Author: Phil Pennock Date: To: Harry Putnam CC: exim-users Subject: Re: [Exim] Home network mailhub
On 2002-03-17 at 16:44 -0800, Harry Putnam wrote: > Starting with the Received header furtherest down in the message
> as 1. I see seven places where my local private network addresses are
> shown.
>
> I'm no rfc expert or even apprentice, but I don't think my local lan
> addresses should be present on internet mail. These are not legal
> addresses, in the sense they can be tracerouted or pinged, from the
> internet.
Received headers can include RFC1918 address space, no problem. They
can include all sorts of things. Including receipt via protocols other
than SMTP. So RFC-wise, as long as the format is correct, you're okay.
Some people with over-enthusiastic spam-filters might notice, though.
> I don't think those addresses should leak out onto the internet
> where they may be taken for legal (domain owned) addresses.
I'm going to answer your request directly, first. As in, providing
exactly what's asked for. Remember to be careful what you ask for. :^)
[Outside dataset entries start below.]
(* Let $m\ge 2$, and let $C_1,\dots,C_m>0$, $\mu^c_1,\dots,\mu^c_m\ge 0$, $\theta^c_1,\dots,\theta^c_m\ge 0$ and $\lambda^c\ge 0$ be real numbers. Consider the system of ordinary differential equations $$\begin{aligned} x_1'(t)&=\mu^c_1\frac{C_1-x_1}{C_1}-\theta^c_1x_1-\mu^c_2\frac{x_1}{C_1}\frac{C_2-x_2}{C_2},\\ x_i'(t)&=\mu^c_i\frac{x_{i-1}}{C_{i-1}}\frac{C_i-x_i}{C_i}-\theta^c_ix_i-\mu^c_{i+1}\frac{x_i}{C_i}\frac{C_{i+1}-x_{i+1}}{C_{i+1}},\qquad 2\le i\le m-1,\\ x_m'(t)&=\mu^c_m\frac{x_{m-1}}{C_{m-1}}\frac{C_m-x_m}{C_m}-\theta^c_mx_m-\lambda^c, \end{aligned}$$ where $x_i=x_i(t)$. Let $(x_1^*,\dots,x_m^* )$ be an equilibrium point of this system (a point where all right-hand sides vanish) with $0\le x_i^*\le C_i$ for $i=1,\dots,m$. If $$\frac{\mu^c_2}{C_1}<\frac{\mu^c_1}{C_1}+\theta^c_1,\qquad \frac{\mu^c_i}{C_{i-1}}+\frac{\mu^c_{i+1}}{C_{i+1}}<\theta^c_i\ \ (2\le i\le m-1),\qquad \frac{\mu^c_m}{C_{m-1}}<\theta^c_m,$$ then $(x_1^*,\dots,x_m^* )$ is a stable equilibrium point (all eigenvalues of the Jacobian of the system at this point have negative real part).
   Context: The system models an $m$-echelon inventory system in which the warehouses of each echelon are aggregated into one warehouse: $x_i(t)$ is the inventory level of echelon $i$, $C_i$ its maximum inventory level, $\mu^c_i$ its maximum supply rate, $\theta^c_i$ its average deterioration percentage per unit time, and $\lambda^c$ is the demand rate at the lowest echelon $m$. When $m=2$ there are no middle equations and no middle conditions. *)

From HB Require Import structures.
From mathcomp Require Import all_boot all_order all_algebra.
From mathcomp Require Import all_classical all_reals all_analysis.
From mathcomp Require Import complex.
Set Implicit Arguments. Unset Strict Implicit. Unset Printing Implicit Defensive.
Import Order.TTheory GRing.Theory Num.Theory.
Local Open Scope ring_scope.

(* State vector x = (x_1, ..., x_m) is a row vector x : 'rV[R]_m;
   x_k (1-based, 1 <= k <= m) is stored at column k-1.
   Out of range indices give 0 (never used in the system). *)
Definition xcomp {R : realType} {m : nat} (x : 'rV[R]_m) (k : nat) : R :=
  match k with
  | 0 => 0
  | k'.+1 => if insub k' is Some j then x ord0 j else 0
  end.

(* Right-hand side of the i-th equation (1 <= i <= m), parameters
   C mu theta indexed 1..m (C i = C_i, mu i = mu^c_i, theta i = theta^c_i),
   lam = lambda^c. *)
Definition rhs {R : realType} (m : nat) (C mu theta : nat -> R) (lam : R)
    (i : nat) (x : 'rV[R]_m) : R :=
  if i == 1%N then
    mu 1%N * ((C 1%N - xcomp x 1) / C 1%N) - theta 1%N * xcomp x 1
    - mu 2%N * (xcomp x 1 / C 1%N) * ((C 2%N - xcomp x 2) / C 2%N)
  else if i == m then
    mu m * (xcomp x m.-1 / C m.-1) * ((C m - xcomp x m) / C m)
    - theta m * xcomp x m - lam
  else
    mu i * (xcomp x i.-1 / C i.-1) * ((C i - xcomp x i) / C i)
    - theta i * xcomp x i
    - mu i.+1 * (xcomp x i / C i) * ((C i.+1 - xcomp x i.+1) / C i.+1).

Definition jacobian {R : realType} (m : nat) (C mu theta : nat -> R) (lam : R)
    (xs : 'rV[R]_m) : 'M[R]_m :=
  \matrix_(i < m, j < m)
     'D_(delta_mx ord0 j : 'rV[R]_m) (rhs C mu theta lam i.+1) xs.

Definition is_equilibrium {R : realType} (m : nat) (C mu theta : nat -> R)
    (lam : R) (xs : 'rV[R]_m) : Prop :=
  forall i : nat, (1 <= i <= m)%N -> rhs C mu theta lam i xs = 0.

Definition stable_equilibrium {R : realType} (m : nat) (C mu theta : nat -> R)
    (lam : R) (xs : 'rV[R]_m) : Prop :=
  forall z : R[i],
    eigenvalue (map_mx (real_complex R) (jacobian C mu theta lam xs)) z ->
    complex.Re z < 0.

(* The Jacobian is tridiagonal.  Because 0 <= x_i <= C_i, its
   off-diagonal entries (the partial derivatives of the transfer terms) are
   nonnegative, and every transfer term enters one equation with a plus sign and
   the next one with a minus sign, so in each column the transfer contributions
   cancel: the column sums are -(mu_1/C_1 + theta_1) and -theta_i.  The hypotheses
   make all of them negative, and Gershgorin's theorem for columns then puts every
   eigenvalue in the open left half-plane. *)

From Pilot Require Import Defs.
From HB Require Import structures.
From mathcomp Require Import all_boot all_order all_algebra.
From mathcomp Require Import all_classical all_reals all_analysis.
From mathcomp Require Import complex ring lra zify.
Set Implicit Arguments. Unset Strict Implicit. Unset Printing Implicit Defensive.
Import Order.TTheory GRing.Theory Num.Theory.
Import numFieldNormedType.Exports.
Local Open Scope complex_scope.
Local Open Scope ring_scope.

Lemma exists_normr_max (F : numDomainType) (I : finType) (f : I -> F) (i0 : I) :
  exists j, forall i, `|f i| <= `|f j|.
Proof.
suff [j fj_max] : exists j, forall i, i \in enum I -> `|f i| <= `|f j|.
  by exists j => i; apply: fj_max; rewrite mem_enum.
elim: (enum I) => [|x s [j fj_max]]; first by exists i0.
case/orP: (real_leVge (normr_real (f x)) (normr_real (f j))) => [fxj|fjx].
- by exists j => i /predU1P[->|/fj_max].
- by exists x => i /predU1P[->|/fj_max/le_trans->].
Qed.

Lemma eigenvalue_gershgorin_col (F : numFieldType) n (A : 'M[F]_n) z :
  eigenvalue A z -> exists j, `|z - A j j| <= \sum_(i | i != j) `|A i j|.
Proof.
case/eigenvalueP => v vA v_neq0.
have [j0 vj0_neq0] : exists j0, v ord0 j0 != 0.
  apply/existsP; apply: contraNT v_neq0; rewrite negb_exists => /forallP v0.
  by apply/eqP/rowP => j; rewrite mxE; apply/eqP/negbNE/v0.
have [j vj_max] := exists_normr_max (v ord0) j0.
have vj_gt0 : 0 < `|v ord0 j| by apply: lt_le_trans (vj_max j0); rewrite normr_gt0.
exists j; rewrite -(ler_pM2r vj_gt0) -normrM.
have -> : (z - A j j) * v ord0 j = \sum_(i | i != j) v ord0 i * A i j.
  move/rowP/(_ j): vA; rewrite !mxE (bigD1 j) //= => vAj.
  by rewrite mulrBl -vAj; ring.
apply: le_trans (ler_norm_sum _ _ _) _; rewrite mulr_suml.
by apply: ler_sum => i _; rewrite normrM mulrC ler_wpM2l.
Qed.

Lemma metzler_eigenvalue_Re_lt0 (R : rcfType) n (A : 'M[R]_n) :
    (forall i j, i != j -> 0 <= A i j) -> (forall j, \sum_i A i j < 0) ->
  forall z, eigenvalue (map_mx (real_complex R) A) z -> complex.Re z < 0.
Proof.
move=> offdiag_ge0 colsum_lt0 z /eigenvalue_gershgorin_col[j].
have -> : \sum_(i | i != j) `|map_mx (real_complex R) A i j|
    = (\sum_(i | i != j) A i j)%:C.
  rewrite rmorph_sum; apply: eq_bigr => i ij.
  by rewrite mxE ger0_norm // ler0c offdiag_ge0.
move=> /(le_trans (normc_ge_Re _)); rewrite mxE lecR => /(le_trans (ler_norm _)).
have := colsum_lt0 j; rewrite (bigD1 j) //=.
by case: z => x y /=; lra.
Qed.

Lemma is_derive_translate (R : numFieldType) (V W : normedModType R)
    (f : V -> W) (a v : V) (df : W) :
  (forall (h : R) y, f (h *: v + y) = h *: df + f y) -> is_derive a v f df.
Proof.
move=> f_translate.
have quotient_df : \forall h \near dnbhs (0 : R), h^-1 *: ((f \o shift a) (h *: v) - f a) = df.
  near=> h; have h_neq0 : h != 0 by near: h; exact: nbhs_dnbhs_neq.
  by rewrite /= f_translate addrK scalerA mulVf ?scale1r.
split; first exact: is_cvg_near_cst quotient_df.
by apply: lim_near_cst; [exact: norm_hausdorff | exact: quotient_df].
Unshelve. all: by end_near.
Qed.

Lemma sum_natr_eq_mul (R : pzSemiRingType) n k (F : nat -> R) :
  \sum_(i < n) (i == k :> nat)%:R * F i = if (k < n)%N then F k else 0.
Proof.
rewrite -(@big_ord1_eq R 0 +%R F) [RHS]big_mkcond; apply: eq_bigr => i _.
by case: eqP; rewrite ?mul1r ?mul0r.
Qed.

Section Jacobian.
Variables (R : realType) (m : nat) (C mu theta : nat -> R).
Implicit Types (a v : 'rV[R]_m).

Lemma xcompDZ (h : R) a v k : xcomp (h *: v + a) k = h * xcomp v k + xcomp a k.
Proof.
case: k => [|k] /=; first by rewrite mulr0 addr0.
by case: insub => [j|]; rewrite ?mxE ?mulr0 ?addr0.
Qed.

Lemma xcomp_out a k : (m < k)%N -> xcomp a k = 0.
Proof.
case: k => [|k] //= km; case: insubP => [j k_lt_m _|//].
by rewrite ltnS leqNgt k_lt_m in km.
Qed.

Lemma xcomp_delta (j : 'I_m) k :
  xcomp (delta_mx ord0 j : 'rV[R]_m) k = (k == j.+1)%:R.
Proof.
case: k => [|k] //=; case: insubP => [i _ <-|k_ge_m]; first by rewrite mxE eqxx.
by rewrite eqSS; case: eqP k_ge_m => // ->; rewrite ltn_ord.
Qed.

Arguments xcomp : simpl never.

Let scalerE (x y : R) : x *: y = x * y. Proof. by []. Qed.

Global Instance is_derive_xcomp a v k : is_derive a v (xcomp^~ k) (xcomp v k).
Proof. by apply: is_derive_translate => h y; rewrite xcompDZ. Qed.

(* Row r (1-based) of the Jacobian: the entries in columns r - 1 and r + 1, and
   the NEGATED diagonal entry. *)
Definition jac_sub r a := mu r * ((C r - xcomp a r) / C r) / C r.-1.
Definition jac_super r a := mu r.+1 * (xcomp a r / C r) / C r.+1.
Definition jac_diag r a :=
  if r == 1%N then mu 1%N / C 1%N + theta 1%N + jac_sub 2 a
  else if r == m then jac_super r.-1 a + theta r
  else jac_super r.-1 a + theta r + jac_sub r.+1 a.

(* In rows 1 and m the missing neighbours are x_0 and x_(m+1), which xcomp sets
   to 0. *)
Lemma derive_rhs lam r a v : (0 < r)%N ->
  'D_v (rhs C mu theta lam r) a =
    jac_sub r a * xcomp v r.-1 + jac_super r a * xcomp v r.+1
    - jac_diag r a * xcomp v r.
Proof.
rewrite /rhs /jac_diag /jac_sub /jac_super; case: r => [//|[_|r _]] /=.
  by rewrite derive_val !scalerE [xcomp v 0]/xcomp; ring.
case: eqP => [r_eq_m | _]; rewrite derive_val !scalerE; last by ring.
by rewrite [xcomp v r.+3]xcomp_out -?r_eq_m //; subst m; ring.
Qed.

Lemma jacobianE lam a (i j : 'I_m) :
  Defs.jacobian C mu theta lam a i j =
    (i == j.+1 :> nat)%:R * jac_sub i.+1 a + (i.+1 == j :> nat)%:R * jac_super i.+1 a
    - (i == j :> nat)%:R * jac_diag i.+1 a.
Proof. by rewrite mxE derive_rhs // !xcomp_delta /= eqSS; ring. Qed.

Lemma jacobian_col_sum lam a (j : 'I_m) : (1 < m)%N ->
  \sum_i Defs.jacobian C mu theta lam a i j =
    - (if j == 0 :> nat then mu 1%N / C 1%N + theta 1%N else theta j.+1).
Proof.
move=> m_gt1; under eq_bigr do rewrite jacobianE.
rewrite sumrB big_split /= (sum_natr_eq_mul _ _ (fun i => jac_sub i.+1 a)).
rewrite (sum_natr_eq_mul _ _ (fun i => jac_diag i.+1 a)) /jac_diag.
case: j => [[|j] /= j_lt_m].
  by rewrite m_gt1 j_lt_m big1 => [|i _]; rewrite ?mul0r //; ring.
under eq_bigr do rewrite eqSS.
rewrite (sum_natr_eq_mul _ _ (fun i => jac_super i.+1 a)) (ltnW j_lt_m) j_lt_m.
case: eqP => [<- | /eqP j_neq_m]; first by rewrite ltnn; ring.
by rewrite ltn_neqAle j_neq_m j_lt_m /=; ring.
Qed.

Section Nonnegativity.
Variable xs : 'rV[R]_m.
Hypothesis C_gt0 : forall i, (1 <= i <= m)%N -> 0 < C i.
Hypothesis mu_ge0 : forall i, (1 <= i <= m)%N -> 0 <= mu i.
Hypothesis xs_in_box : forall i, (1 <= i <= m)%N -> 0 <= xcomp xs i <= C i.

Lemma jac_sub_ge0 r : (2 <= r <= m)%N -> 0 <= jac_sub r xs.
Proof.
move=> r_range; have /andP[_ x_le_C] : 0 <= xcomp xs r <= C r by apply: xs_in_box; lia.
have C_gt0_r : 0 < C r by apply: C_gt0; lia.
have C_gt0_pred : 0 < C r.-1 by apply: C_gt0; lia.
have mu_ge0_r : 0 <= mu r by apply: mu_ge0; lia.
by rewrite /jac_sub !divr_ge0 ?mulr_ge0 ?subr_ge0 ?invr_ge0 //; exact: ltW.
Qed.

Lemma jac_super_ge0 r : (1 <= r < m)%N -> 0 <= jac_super r xs.
Proof.
move=> r_range; have /andP[x_ge0 _] : 0 <= xcomp xs r <= C r by apply: xs_in_box; lia.
have C_gt0_r : 0 < C r by apply: C_gt0; lia.
have C_gt0_succ : 0 < C r.+1 by apply: C_gt0; lia.
have mu_ge0_succ : 0 <= mu r.+1 by apply: mu_ge0; lia.
by rewrite /jac_super !divr_ge0 ?mulr_ge0 ?invr_ge0 //; exact: ltW.
Qed.

Lemma jacobian_offdiag_ge0 lam (i j : 'I_m) :
  i != j -> 0 <= Defs.jacobian C mu theta lam xs i j.
Proof.
move=> i_neq_j; rewrite jacobianE (negbTE i_neq_j : (i == j :> nat) = false) mul0r subr0.
have i_lt_m := ltn_ord i; have j_lt_m := ltn_ord j.
apply: addr_ge0; case: eqP => [i_eq | _]; rewrite ?mul0r ?mul1r //.
- by apply: jac_sub_ge0; lia.
- by apply: jac_super_ge0; lia.
Qed.

End Nonnegativity.

End Jacobian.

Theorem proposition6 (R : realType) (m : nat) (C mu theta : nat -> R) (lam : R)
    (xs : 'rV[R]_m) :
  (2 <= m)%N ->
  (forall i : nat, (1 <= i <= m)%N -> 0 < C i) ->
  (forall i : nat, (1 <= i <= m)%N -> 0 <= mu i) ->
  (forall i : nat, (1 <= i <= m)%N -> 0 <= theta i) ->
  0 <= lam ->
  is_equilibrium C mu theta lam xs ->
  (forall i : nat, (1 <= i <= m)%N -> 0 <= xcomp xs i <= C i) ->
  mu 2%N / C 1%N < mu 1%N / C 1%N + theta 1%N ->
  (forall i : nat, (2 <= i <= m.-1)%N ->
     mu i / C i.-1 + mu i.+1 / C i.+1 < theta i) ->
  mu m / C m.-1 < theta m ->
  stable_equilibrium C mu theta lam xs.
Proof.
move=> m_gt1 C_gt0 mu_ge0 _ _ _ xs_in_box mu2_lt mid_lt mu_m_lt.
apply: metzler_eigenvalue_Re_lt0 => [i j | j].
  exact: (jacobian_offdiag_ge0 theta C_gt0 mu_ge0 xs_in_box).
have mu_div_C_ge0 i k : (1 <= i <= m)%N -> (1 <= k <= m)%N -> 0 <= mu i / C k.
  by move=> i_range k_range; rewrite divr_ge0 ?mu_ge0 // ltW ?C_gt0.
have j_lt_m := ltn_ord j.
rewrite jacobian_col_sum // oppr_lt0; case: eqP => [_ | j_neq0].
  by apply: le_lt_trans mu2_lt; apply: mu_div_C_ge0; lia.
have [j_last | j_mid] := eqVneq j.+1 m.
  by rewrite j_last; apply: le_lt_trans mu_m_lt; apply: mu_div_C_ge0; lia.
apply: le_lt_trans (mid_lt j.+1 _); last lia.
by rewrite addr_ge0 // mu_div_C_ge0 //; lia.
Qed.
I'll then give a safer and more reasoned approach to tackling this.
As long as the SMTP Envelope Sender is valid on the network, and the
stuff in the regular non-Received: headers is okay, then you're okay.
It is _possible_ to remove the Received: headers on a transport. You
could then have two similar smtp transports, one with the headers_remote
stuff; then have two routers, the first with a condition which checks
the $sender_host_address against your private netblock and uses the
special transport.
However, you need to think long and hard about this. The mail-loop
detection of last resort is "total number of Received: headers >= 30".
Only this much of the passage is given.